But if she is expecting a raucous birthday party like last time, Her Royal Highness will be disappointed. In fact, the word "celebration" has been stricken from the proceedings, and the event will for the first time include commemorations of the settlement's darker effects, including Indian subjugation and African slavery.

The shift is a reflection of an America that has moved into middle age, more prone to self-reflection and even self-doubt, and shaping its jubilees accordingly, historians say. Critics, however, say throwing a "noncelebration" is an offensive way to remember the legacy of Jamestown.

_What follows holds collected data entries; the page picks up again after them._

(* (Extension Lemma.) Let $\Gamma$ be an abstract consistency class and $A\in\Gamma$. Then there exists an evident branch $E$ with $A\subseteq E$. Moreover, if $\Gamma$ is complete, there exists a complete evident branch $E$ with $A\subseteq E$.
   Context: Types: a countable set of base types including a distinguished $o$; other base types are sorts ($\alpha$). Types: base types and $\sigma\tau$ (functions from $\sigma$ to $\tau$; $\sigma\tau\mu=\sigma(\tau\mu)$). Countably many names, each with a unique type, infinitely many of each type. Terms: names; $st:\mu$ for $s:\tau\mu,t:\tau$; $\lambda x.t:\sigma\tau$ for a name $x:\sigma$, $t:\tau$. Logical constants: $\neg:oo$, $=_\sigma:\sigma\sigma o$; all other names are variables. Formulas: terms of type $o$; $s=_\sigma t$ is $(=_\sigma s)t$; $s\neq_\sigma t$ is $\neg(s=_\sigma t)$. A fixed type-preserving total normalization operator $[\cdot]$ on terms is given; $s$ is normal iff $[s]=s$; it satisfies $[[s]]=[s]$, $[[s]t]=[st]$, and $[xs_1\dots s_n]=x[s_1]\dots[s_n]$ for every name $x$ and $n\ge0$ with $xs_1\dots s_n$ of base type. A branch is a set of normal formulas. A branch $E$ is evident if ($x$ ranges over variables): (DN) $\neg\neg s\in E\Rightarrow s\in E$; (BQ) $s=_ot\in E\Rightarrow$ ($s,t\in E$ or $\neg s,\neg t\in E$); (BE) $s\neq_ot\in E\Rightarrow$ ($s,\neg t\in E$ or $\neg s,t\in E$); (FQ) $s=_{\sigma\tau}t\in E\Rightarrow[su]=[tu]\in E$ for every normal $u:\sigma$; (FE) $s\neq_{\sigma\tau}t\in E\Rightarrow[sx]\neq[tx]\in E$ for some variable $x$; (Mat) if $xs_1\dots s_n,\neg xt_1\dots t_n\in E$ then $n\ge1$ and $s_i\neq t_i\in E$ for some $i$; (Dec) if $xs_1\dots s_n\neq_\alpha xt_1\dots t_n\in E$ then $n\ge1$ and $s_i\neq t_i\in E$ for some $i$; (Con) if $s=_\alpha t,u\neq_\alpha v\in E$ then ($s\neq u,t\neq u\in E$) or ($s\neq v,t\neq v\in E$). $E$ is complete if for every normal formula $s$, $s\in E$ or $\neg s\in E$. An abstract consistency class is a set $\Gamma$ of branches such that every $A\in\Gamma$ satisfies: (DN) if $\neg\neg s\in A$ then $A\cup\{s\}\in\Gamma$; (BQ) if $s=_ot\in A$ then $A\cup\{s,t\}\in\Gamma$ or $A\cup\{\neg s,\neg t\}\in\Gamma$; (BE) if $s\neq_ot\in A$ then $A\cup\{s,\neg t\}\in\Gamma$ or $A\cup\{\neg s,t\}\in\Gamma$; (FQ) if $s=_{\sigma\tau}t\in A$ then $A\cup\{[su]=[tu]\}\in\Gamma$ for every normal $u:\sigma$; (FE) if $s\neq_{\sigma\tau}t\in A$ then $A\cup\{[sx]\neq[tx]\}\in\Gamma$ for some variable $x$; (Mat) if $xs_1\dots s_n\in A$ and $\neg xt_1\dots t_n\in A$ then $n\ge1$ and $A\cup\{s_i\neq t_i\}\in\Gamma$ for some $i$; (Dec) if $xs_1\dots s_n\neq_\alpha xt_1\dots t_n\in A$ then $n\ge1$ and $A\cup\{s_i\neq t_i\}\in\Gamma$ for some $i$; (Con) if $s=_\alpha t$ and $u\neq_\alpha v$ are in $A$ then $A\cup\{s\neq u,t\neq u\}\in\Gamma$ or $A\cup\{s\neq v,t\neq v\}\in\Gamma$. $\Gamma$ is complete if for every $A\in\Gamma$ and every normal formula $s$, $A\cup\{s\}\in\Gamma$ or $A\cup\{\neg s\}\in\Gamma$. *)

From mathcomp Require Import all_boot.
Set Implicit Arguments. Unset Strict Implicit. Unset Printing Implicit Defensive.

Inductive ty (B : Type) : Type :=
| Base of B
| Arr of ty B & ty B.

Inductive term (B N : Type) : Type :=
| Var of N
| Neg
| Eq of ty B
| App of term B N & term B N
| Lam of N & term B N.

Arguments Neg {B N}.
Arguments Eq {B N}.

Section STT.
Variables (B : countType) (o : B) (N : countType) (nty : N -> ty B).

Local Notation ty := (ty B).
Local Notation term := (term B N).
Local Notation tO := (Base o).

Inductive has_ty : term -> ty -> Prop :=
| ht_var x : has_ty (Var B x) (nty x)
| ht_neg : has_ty Neg (Arr tO tO)
| ht_eq s : has_ty (Eq s) (Arr s (Arr s tO))
| ht_app s t a b : has_ty s (Arr a b) -> has_ty t a -> has_ty (App s t) b
| ht_lam x t b : has_ty t b -> has_ty (Lam x t) (Arr (nty x) b).

Definition apps (h : term) (ss : seq term) : term := foldl (@App B N) h ss.

Definition is_name (h : term) : Prop :=
  (exists x, h = Var B x) \/ h = Neg \/ (exists s, h = Eq s).

Record normalizer (norm : term -> term) : Prop := {
  norm_ty : forall s sg, has_ty s sg -> has_ty (norm s) sg;
  norm_idem : forall s sg, has_ty s sg -> norm (norm s) = norm s;
  norm_app : forall s t tau, has_ty (App s t) tau ->
      norm (App (norm s) t) = norm (App s t);
  norm_head : forall h ss b, is_name h -> has_ty (apps h ss) (Base b) ->
      norm (apps h ss) = apps h (map norm ss)
}.

Variable norm : term -> term.

Definition eqf (sg : ty) (s t : term) : term := App (App (Eq sg) s) t.
Definition neg (s : term) : term := App Neg s.
Definition neqf (sg : ty) (s t : term) : term := neg (eqf sg s t).

Definition is_sort (a : ty) : Prop := exists b, a = Base b /\ b <> o.
Definition normal (s : term) : Prop := norm s = s.
Definition nformula (s : term) : Prop := has_ty s tO /\ normal s.

Definition branch (A : term -> Prop) : Prop := forall s, A s -> nformula s.

Record evident (E : term -> Prop) : Prop := {
  ev_DN : forall s, E (neg (neg s)) -> E s;
  ev_BQ : forall s t, E (eqf tO s t) ->
      (E s /\ E t) \/ (E (neg s) /\ E (neg t));
  ev_BE : forall s t, E (neqf tO s t) ->
      (E s /\ E (neg t)) \/ (E (neg s) /\ E t);
  ev_FQ : forall sg tau s t, E (eqf (Arr sg tau) s t) ->
      forall u, has_ty u sg -> normal u ->
      E (eqf tau (norm (App s u)) (norm (App t u)));
  ev_FE : forall sg tau s t, E (neqf (Arr sg tau) s t) ->
      exists x, nty x = sg /\
        E (neqf tau (norm (App s (Var B x))) (norm (App t (Var B x))));
  ev_Mat : forall x ss ts, size ss = size ts ->
      E (apps (Var B x) ss) -> E (neg (apps (Var B x) ts)) ->
      0 < size ss /\ exists i sg, i < size ss /\
        E (neqf sg (nth Neg ss i) (nth Neg ts i));
  ev_Dec : forall a x ss ts, is_sort a -> size ss = size ts ->
      E (neqf a (apps (Var B x) ss) (apps (Var B x) ts)) ->
      0 < size ss /\ exists i sg, i < size ss /\
        E (neqf sg (nth Neg ss i) (nth Neg ts i));
  ev_Con : forall a s t u v, is_sort a -> E (eqf a s t) -> E (neqf a u v) ->
      (E (neqf a s u) /\ E (neqf a t u)) \/ (E (neqf a s v) /\ E (neqf a t v))
}.

Definition complete_branch (E : term -> Prop) : Prop :=
  forall s, nformula s -> E s \/ E (neg s).

Definition ext1 (A : term -> Prop) (s : term) : term -> Prop :=
  fun u => A u \/ u = s.
Definition ext2 (A : term -> Prop) (s t : term) : term -> Prop :=
  fun u => A u \/ u = s \/ u = t.

Record acc (G : (term -> Prop) -> Prop) : Prop := {
  acc_branch : forall A, G A -> branch A;
  acc_DN : forall A s, G A -> A (neg (neg s)) -> G (ext1 A s);
  acc_BQ : forall A s t, G A -> A (eqf tO s t) ->
      G (ext2 A s t) \/ G (ext2 A (neg s) (neg t));
  acc_BE : forall A s t, G A -> A (neqf tO s t) ->
      G (ext2 A s (neg t)) \/ G (ext2 A (neg s) t);
  acc_FQ : forall A sg tau s t, G A -> A (eqf (Arr sg tau) s t) ->
      forall u, has_ty u sg -> normal u ->
      G (ext1 A (eqf tau (norm (App s u)) (norm (App t u))));
  acc_FE : forall A sg tau s t, G A -> A (neqf (Arr sg tau) s t) ->
      exists x, nty x = sg /\
        G (ext1 A (neqf tau (norm (App s (Var B x))) (norm (App t (Var B x)))));
  acc_Mat : forall A x ss ts, G A -> size ss = size ts ->
      A (apps (Var B x) ss) -> A (neg (apps (Var B x) ts)) ->
      0 < size ss /\ exists i sg, i < size ss /\
        G (ext1 A (neqf sg (nth Neg ss i) (nth Neg ts i)));
  acc_Dec : forall A a x ss ts, G A -> is_sort a -> size ss = size ts ->
      A (neqf a (apps (Var B x) ss) (apps (Var B x) ts)) ->
      0 < size ss /\ exists i sg, i < size ss /\
        G (ext1 A (neqf sg (nth Neg ss i) (nth Neg ts i)));
  acc_Con : forall A a s t u v, G A -> is_sort a ->
      A (eqf a s t) -> A (neqf a u v) ->
      G (ext2 A (neqf a s u) (neqf a t u)) \/ G (ext2 A (neqf a s v) (neqf a t v))
}.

"The 1957 visit by the queen was the antiseptic version," says Peter Wallenstein, a history professor at Virginia Tech University in Blacksburg. "Jamestown has since come to symbolize both the beginnings of slavery and democracy, the downside and upside, which makes it harder to be full-throated celebratory."

Organizers say this year's event is meant to be more inclusive than ones in the past, especially the 1957 one, from which some blacks were excluded and the fate of Indians was hardly mentioned.

The result is several VIP visits – Vice President Dick Cheney and former Supreme Court Justice Sandra Day O'Connor will tour Friday with the queen; President Bush is due for the main events next weekend – as well as the Revs. Jesse Jackson and Al Sharpton who spoke at a February forum and who harshly criticized Jamestown's 400-year-old legacy.

Moreover, it was no surprise to many that Virginia's legislature chose this year to apologize for its role in the "peculiar institution," a trend that has caught on in other former slaveholding Southern states.

At the same time, what organizers call a more "sophisticated" message won't take away from the ultimate goal of the quadricentennial, which is for Virginia to reassert Jamestown's influence and to say, "We were really first, and we really did set the thing up, and every step of the way we played a powerful role in shaping the nation," says Mr. Wallenstein.

To be sure, Jamestown still plays second fiddle to the later Pilgrims of Massachusetts Bay, who didn't set up a permanent shop in Plymouth until 1620, 13 years after Jamestown. Plymouth had the rock while Jamestown had muddy banks; the Pilgrims were spiritualists while the Jamestown folk were, at heart, capitalists; the Pilgrims had a feast while the early Virginians had a fast.

Upon their arrival in three awkwardly named ships, the local Indian chief, Powhatan, wondered wisely about their motives, which included the first inklings of Manifest Destiny, while John Smith, the prolific and self-aggrandizing chronicler of the settlement, waxed on about visions of the "new Rome" (he had of course visited the old one).